What’s immediately interesting about Killing Them Softly is the lack of detail surrounding the characters, the location, and the overall plot. Whereas George V. Higgins’ 1974 novel was based in New Orleans, Dominik’s film could just as easily be set in Massachusetts, or New York, or Providence. The actual location is never revealed, nor is it relevant considering the overarching themes regarding the idea of America as ‘one nation’ and always being the ‘United States of America’ (as so elegantly put by Barack Obama in his acceptance speech on election night which features in the film). Scoot McNairy’s Frankie may sound like he’s from the northeast, but Ben Mendelsohn’s Russell is contrarily Australian. And judging by the amount of conversations about openness to relocation, just because characters sound like they are from a certain part of the country doesn’t necessarily mean that you are watching a film based in that part of the country.

Apart from McNairy and Ray Liotta’s characters, the accents are largely non-regional, James Gandolfini aside who in fact commutes into the unknown city to perform a job at Jackie Cogan’s (Brad Pitt’s) request. There is not one visual landmark to suggest that you are watching something taking place anywhere other than a collective, suffering America, and this device works well to suggest that you don’t have to come out of New York or Boston to feel like illegal activity in a country with no jobs is your only way to make any significant amount of money. As for the actual plot itself, it’s nothing you haven’t seen in a million mob movies, but that’s okay in a film that’s more about message and situation than actual story. And what it may lack in plot, it more than makes up for in sharp, delicious dialogue that is all impeccably performed.

Small-time mobster Squirrel hires Frank and Russell to knock over a card game hosted by Ray Liotta’s Marky. Why are they so sure they’ll get away with it? Because Marky himself knocked over his only other previous game. Will everyone assume Marky was clever enough to assume no one would suspect him of being dumb enough to do it twice? Well, sort of.
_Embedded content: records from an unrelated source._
(* Let $T\subseteq\mathcal T_d$ be any subregion and let $U$ be the monomial subregion of $T$ associated to a monomial $x^ay^bz^c$ of degree less than $d$. If $U$ is tileable by lozenges, then $T$ is tileable if and only if $T\setminus U$ is tileable. Moreover, each lozenge tiling of $T$ is obtained by combining a lozenge tiling of $T\setminus U$ and a lozenge tiling of $U$.
   Context: For $d\ge1$, $\mathcal T_d$ is an equilateral triangle of side length $d$ (horizontal bottom side) subdivided into unit triangles, upward ones labeled by the degree $d-1$ monomials of $K[x,y,z]$ and downward ones by degree $d-2$ monomials: $x^{d-1}$ at the top, $y^{d-1}$ bottom-left, $z^{d-1}$ bottom-right, and an upward triangle sharing an edge with a downward one has label equal to the downward label times a variable. A subregion is a set of these unit triangles. The monomial subregion of $T$ associated to a monomial $m$ of degree $<d$ is the set of unit triangles of $T$ whose labels are divisible by $m$ (i.e., the part of $T$ inside the upward triangle located $a$ units from the bottom edge, $b$ from the upper-right edge and $c$ from the upper-left edge when $m=x^ay^bz^c$). A lozenge is a union of two unit triangles sharing an edge; a region is tileable if it is empty or some set of lozenges covers each of its unit triangles exactly once. *)

From mathcomp Require Import all_boot.
Set Implicit Arguments. Unset Strict Implicit. Unset Printing Implicit Defensive.

(* A unit triangle of T_d: orientation (true = upward, false = downward)
   and the exponent triple (a,b,c) of its label x^a y^b z^c. *)
Definition tri (d : nat) := (bool * ('I_d * 'I_d * 'I_d))%type.

Definition ea d (t : tri d) : nat := t.2.1.1.
Definition eb d (t : tri d) : nat := t.2.1.2.
Definition ec d (t : tri d) : nat := t.2.2.

(* valid unit triangle of T_d: upward labels have degree d-1,
   downward labels degree d-2 (stated without truncated subtraction). *)
Definition is_tri d (t : tri d) : bool :=
  if t.1 then ea t + eb t + ec t + 1 == d
  else ea t + eb t + ec t + 2 == d.

Definition Td d : {set tri d} := [set t | is_tri t].

(* u is upward, w is downward, and they share an edge:
   label(u) = label(w) * (x, y or z). *)
Definition adjacent d (u w : tri d) : bool :=
  [&& is_tri u, is_tri w, u.1, ~~ w.1 &
   [|| [&& ea u == (ea w).+1, eb u == eb w & ec u == ec w],
       [&& ea u == ea w, eb u == (eb w).+1 & ec u == ec w]
     | [&& ea u == ea w, eb u == eb w & ec u == (ec w).+1]]].

(* A lozenge is encoded as the pair (upward triangle, downward triangle). *)
Definition lozenge d := (tri d * tri d)%type.

Definition tiling d (R : {set tri d}) (L : {set lozenge d}) : Prop :=
  (forall p, p \in L -> [/\ adjacent p.1 p.2, p.1 \in R & p.2 \in R]) /\
  (forall t, t \in R -> #|[set p in L | (p.1 == t) || (p.2 == t)]| = 1).

(* tileable: empty or admits a lozenge tiling (empty case covered by L = set0). *)
Definition tileable d (R : {set tri d}) : Prop := exists L, tiling R L.

Definition monomial_subregion d (T : {set tri d}) (a b c : nat) : {set tri d} :=
  [set t in T | [&& a <= ea t, b <= eb t & c <= ec t]].

(** No lozenge of a tiling of [T] can cross the boundary of a tileable monomial
    subregion [U]. Lozenges pair an upward with a downward triangle, and the
    upward neighbour of a downward triangle of [U] lies again in [U]. Hence the
    lozenges whose downward triangle is in [U] cover as many upward triangles
    of [U] as [U] has downward triangles; since [U] is tileable this is all of
    them, so every lozenge meeting [U] lies inside [U]. *)

From mathcomp Require Import all_boot zify.

Set Implicit Arguments.
Unset Strict Implicit.
Unset Printing Implicit Defensive.

Definition covers d (p : lozenge d) (t : tri d) := (p.1 == t) || (p.2 == t).

Definition up_closed d (R U : {set tri d}) :=
  forall u w, adjacent u w -> u \in R -> w \in U -> u \in U.

Lemma adjacent_orientation d (u w : tri d) : adjacent u w -> u.1 && ~~ w.1.
Proof. by case/and5P=> _ _ -> ->. Qed.

Section LozengeTiling.

Variables (d : nat) (R : {set tri d}) (L : {set lozenge d}).
Hypothesis tilingRL : tiling R L.

Lemma lozenge_in_region p : p \in L -> (p.1 \in R) && (p.2 \in R).
Proof. by case: tilingRL => tiles _ /tiles[_ -> ->]. Qed.

Lemma lozenge_orientation p : p \in L -> p.1.1 && ~~ p.2.1.
Proof. by case: tilingRL => tiles _ /tiles[/adjacent_orientation]. Qed.

Lemma covering_lozenge t : t \in R -> exists2 p, p \in L & covers p t.
Proof.
case: tilingRL => _ covered /covered covered_once.
have : 0 < #|[set p in L | covers p t]| by rewrite covered_once.
by rewrite card_gt0 => /set0Pn[p]; rewrite inE => /andP[]; exists p.
Qed.

Lemma covering_lozenge_uniq t p q : t \in R -> p \in L -> q \in L ->
  covers p t -> covers q t -> p = q.
Proof.
case: tilingRL => _ covered /covered/eqP/cards1P[r coverers] pL qL covp covq.
have : p \in [set p in L | covers p t] by rewrite inE pL.
have : q \in [set p in L | covers p t] by rewrite inE qL.
by rewrite coverers !inE => /eqP-> /eqP->.
Qed.

Lemma covers_in_region p t : p \in L -> covers p t -> t \in R.
Proof. by move=> /lozenge_in_region/andP[p1R p2R] /orP[]/eqP<-. Qed.

Lemma tiling_fst_inj : {in L &, injective (fun p : lozenge d => p.1)}.
Proof.
move=> p q pL qL epq; apply: (covering_lozenge_uniq (t := p.1)) => //.
- by case/andP: (lozenge_in_region pL).
- by rewrite /covers eqxx.
- by rewrite /covers epq eqxx.
Qed.

Lemma tiling_snd_inj : {in L &, injective (fun p : lozenge d => p.2)}.
Proof.
move=> p q pL qL epq; apply: (covering_lozenge_uniq (t := p.2)) => //.
- by case/andP: (lozenge_in_region pL).
- by rewrite /covers eqxx orbT.
- by rewrite /covers epq eqxx orbT.
Qed.

Lemma tiling_fst_imset (S : {set tri d}) : S \subset R ->
  (fun p : lozenge d => p.1) @: [set p in L | p.1 \in S] = [set t in S | t.1].
Proof.
move=> SR; apply/setP=> t; rewrite inE; apply/imsetP/andP.
  case=> p; rewrite inE => /andP[pL pS] ->.
  by case/andP: (lozenge_orientation pL).
case=> tS tup; have [p pL] := covering_lozenge (subsetP SR t tS).
case/orP=> /eqP ept; first by exists p; rewrite // inE pL ept.
by case/andP: (lozenge_orientation pL); rewrite ept tup.
Qed.

Lemma tiling_snd_imset (S : {set tri d}) : S \subset R ->
  (fun p : lozenge d => p.2) @: [set p in L | p.2 \in S] = [set t in S | ~~ t.1].
Proof.
move=> SR; apply/setP=> t; rewrite inE; apply/imsetP/andP.
  case=> p; rewrite inE => /andP[pL pS] ->.
  by case/andP: (lozenge_orientation pL).
case=> tS tdown; have [p pL] := covering_lozenge (subsetP SR t tS).
case/orP=> /eqP ept; last by exists p; rewrite // inE pL ept.
by case/andP: (lozenge_orientation pL); rewrite ept (negPf tdown).
Qed.

Lemma card_tiling_down (S : {set tri d}) : S \subset R ->
  #|[set p in L | p.2 \in S]| = #|[set t in S | ~~ t.1]|.
Proof.
move=> SR; rewrite -(tiling_snd_imset SR) card_in_imset //.
by move=> p q; rewrite !inE => /andP[pL _] /andP[qL _]; apply: tiling_snd_inj.
Qed.

Lemma card_tiling_up (S : {set tri d}) : S \subset R ->
  #|[set p in L | p.1 \in S]| = #|[set t in S | t.1]|.
Proof.
move=> SR; rewrite -(tiling_fst_imset SR) card_in_imset //.
by move=> p q; rewrite !inE => /andP[pL _] /andP[qL _]; apply: tiling_fst_inj.
Qed.

End LozengeTiling.

Lemma tileable_balanced d (R : {set tri d}) :
  tileable R -> #|[set t in R | t.1]| = #|[set t in R | ~~ t.1]|.
Proof.
case=> L tilingRL.
rewrite -(card_tiling_up tilingRL (subxx R)) -(card_tiling_down tilingRL (subxx R)).
apply: eq_card => p; rewrite !inE.
case pL: (p \in L) => //=.
by case/andP: (lozenge_in_region tilingRL pL) => -> ->.
Qed.

Lemma tiling_no_crossing d (R U : {set tri d}) (L : {set lozenge d}) :
  tiling R L -> U \subset R -> up_closed R U -> tileable U ->
  {in L, forall p, (p.1 \in U) = (p.2 \in U)}.
Proof.
move=> tilingRL UR closedU tileU.
have fst_in_U p : p \in L -> p.2 \in U -> p.1 \in U.
  case: tilingRL => tiles _ /tiles[adj p1R _]; exact: closedU adj p1R.
have down_sub_up : [set p in L | p.2 \in U] \subset [set p in L | p.1 \in U].
  by apply/subsetP=> p; rewrite !inE => /andP[pL /(fst_in_U p pL)->]; rewrite pL.
have /subset_cardP/(_ down_sub_up) down_eq_up :
    #|[set p in L | p.2 \in U]| = #|[set p in L | p.1 \in U]|.
  by rewrite (card_tiling_down tilingRL UR) (card_tiling_up tilingRL UR) tileable_balanced.
move=> p pL; apply/idP/idP; last exact: fst_in_U.
by move=> p1U; have := down_eq_up p; rewrite !inE pL p1U => /= ->.
Qed.

Lemma tiling_restrict d (R S : {set tri d}) (L : {set lozenge d}) :
  tiling R L -> S \subset R -> {in L, forall p, (p.1 \in S) = (p.2 \in S)} ->
  tiling S [set p in L | p.1 \in S].
Proof.
move=> [tiles covered] SR no_crossing; split.
  move=> p; rewrite inE => /andP[pL p1S].
  by have [adj _ _] := tiles p pL; rewrite -no_crossing.
move=> t tS; rewrite -(covered t (subsetP SR t tS)); apply: eq_card => p.
rewrite !inE; case pL: (p \in L) => //=; apply: andb_idl => /orP[]/eqP ept.
  by rewrite ept.
by rewrite no_crossing // ept.
Qed.

Lemma tiling_setU d (R1 R2 : {set tri d}) (L1 L2 : {set lozenge d}) :
  [disjoint R1 & R2] -> tiling R1 L1 -> tiling R2 L2 ->
  tiling (R1 :|: R2) (L1 :|: L2).
Proof.
move=> disjR tiling1 tiling2.
have [[tiles1 covered1] [tiles2 covered2]] := (tiling1, tiling2); split.
  move=> p; rewrite inE => /orP[/tiles1|/tiles2] [adj p1R p2R];
    by rewrite !inE p1R p2R ?orbT.
move=> t; rewrite inE => /orP[tR1|tR2].
  rewrite -(covered1 t tR1); apply: eq_card => p; rewrite !inE.
  case covp: ((p.1 == t) || (p.2 == t)); rewrite ?andbF // !andbT.
  case pL2: (p \in L2); rewrite ?orbF //.
  by have := covers_in_region tiling2 pL2 covp; rewrite (disjointFr disjR tR1).
rewrite -(covered2 t tR2); apply: eq_card => p; rewrite !inE.
case covp: ((p.1 == t) || (p.2 == t)); rewrite ?andbF // !andbT.
case pL1: (p \in L1) => //=.
by have := covers_in_region tiling1 pL1 covp; rewrite (disjointFl disjR tR2).
Qed.

Lemma monomial_subregion_sub d (T : {set tri d}) a b c :
  monomial_subregion T a b c \subset T.
Proof. by apply/subsetP=> t; rewrite inE => /andP[]. Qed.

Lemma monomial_subregion_up_closed d (T : {set tri d}) a b c :
  up_closed T (monomial_subregion T a b c).
Proof.
move=> u w adj uT; rewrite !inE uT => /andP[_ /and3P[aw bw cw]].
case/and5P: adj => _ _ _ _.
by case/or3P=> /and3P[/eqP-> /eqP-> /eqP->]; apply/and3P; split; lia.
Qed.

Theorem lemma2p1 (d : nat) (T : {set tri d}) (a b c : nat) :
  0 < d -> T \subset Td d -> a + b + c < d ->
  tileable (monomial_subregion T a b c) ->
  (tileable T <-> tileable (T :\: monomial_subregion T a b c)) /\
  (forall L : {set lozenge d}, tiling T L ->
     exists L1 L2 : {set lozenge d},
       [/\ tiling (T :\: monomial_subregion T a b c) L1,
           tiling (monomial_subregion T a b c) L2 &
           L = L1 :|: L2]).
Proof.
move=> _ _ _ tileU.
have closedU := @monomial_subregion_up_closed d T a b c.
have UT := @monomial_subregion_sub d T a b c.
set U := monomial_subregion T a b c in tileU closedU UT *.
have disjDU : [disjoint T :\: U & U].
  by rewrite -setI_eq0; apply/eqP/setP=> t; rewrite !inE andbAC andNb.
have split_tiling L : tiling T L -> exists L1 L2 : {set lozenge d},
    [/\ tiling (T :\: U) L1, tiling U L2 & L = L1 :|: L2].
  move=> tilingTL; have no_crossing := tiling_no_crossing tilingTL UT closedU tileU.
  exists [set p in L | p.1 \in T :\: U], [set p in L | p.1 \in U]; split.
  - apply: tiling_restrict (subsetDl T U) _ => // p pL.
    by rewrite !in_setD no_crossing //; case/andP: (lozenge_in_region tilingTL pL) => -> ->.
  - exact: tiling_restrict tilingTL UT no_crossing.
  - apply/setP=> p; rewrite !inE; case pL: (p \in L) => //=.
    by case/andP: (lozenge_in_region tilingTL pL) => -> _; rewrite andbT orNb.
split; last exact: split_tiling.
split=> [[L /split_tiling[L1 [L2 [tiling1 _ _]]]] | [L1 tiling1]]; first by exists L1.
have [L2 tiling2] := tileU.
exists (L1 :|: L2); rewrite -(setID T U) (setIidPr UT) setUC.
exact: tiling_setU.
Qed.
Once hot-shot hitman Jackie Cogan and his ambiguous associate (Richard Jenkins) become involved, through a series of conversations regarding Marky, Frank and Russell, the story edges into almost Burn After Reading territory; a lot of inexperienced criminals who think they have it all worked out.

Holding nothing back as far as being violent goes, Killing Them Softly contains some of the most brutal scenes in recent memory, with Ray Liotta in particular taking the beating of his life, but providing a career-best performance (outside of Goodfellas) to accentuate the process; a heart-stopping sequence of borderline sadism under the delicate direction of Dominik. Similarly, an execution later in the film is so visually perfect that it may single handedly have awards bodies shelling out awards for cinematography to Greig Fraser later this year (if not for this, then very possibly for Kathryn Bigelow’s upcoming Zero Dark Thirty).

A collection of outstanding performances including a impressively sinister but charming turn from Pitt (who is fast becoming the DeNiro/DiCaprio to Dominik’s Scorsese) and potential supporting actor considerations in McNairy and Gandolfini, Killing Them Softly is an instant crime classic. Outside of Scorsese, no one has yet made a meaningful, elemental film about organised crime. Until now. Dominik could dominate the next 20 years of crime drama if he wanted to (a la Scorz), but based on his last two outings, no doubt his next feature will be a Victorian costume drama…with Brad Pitt.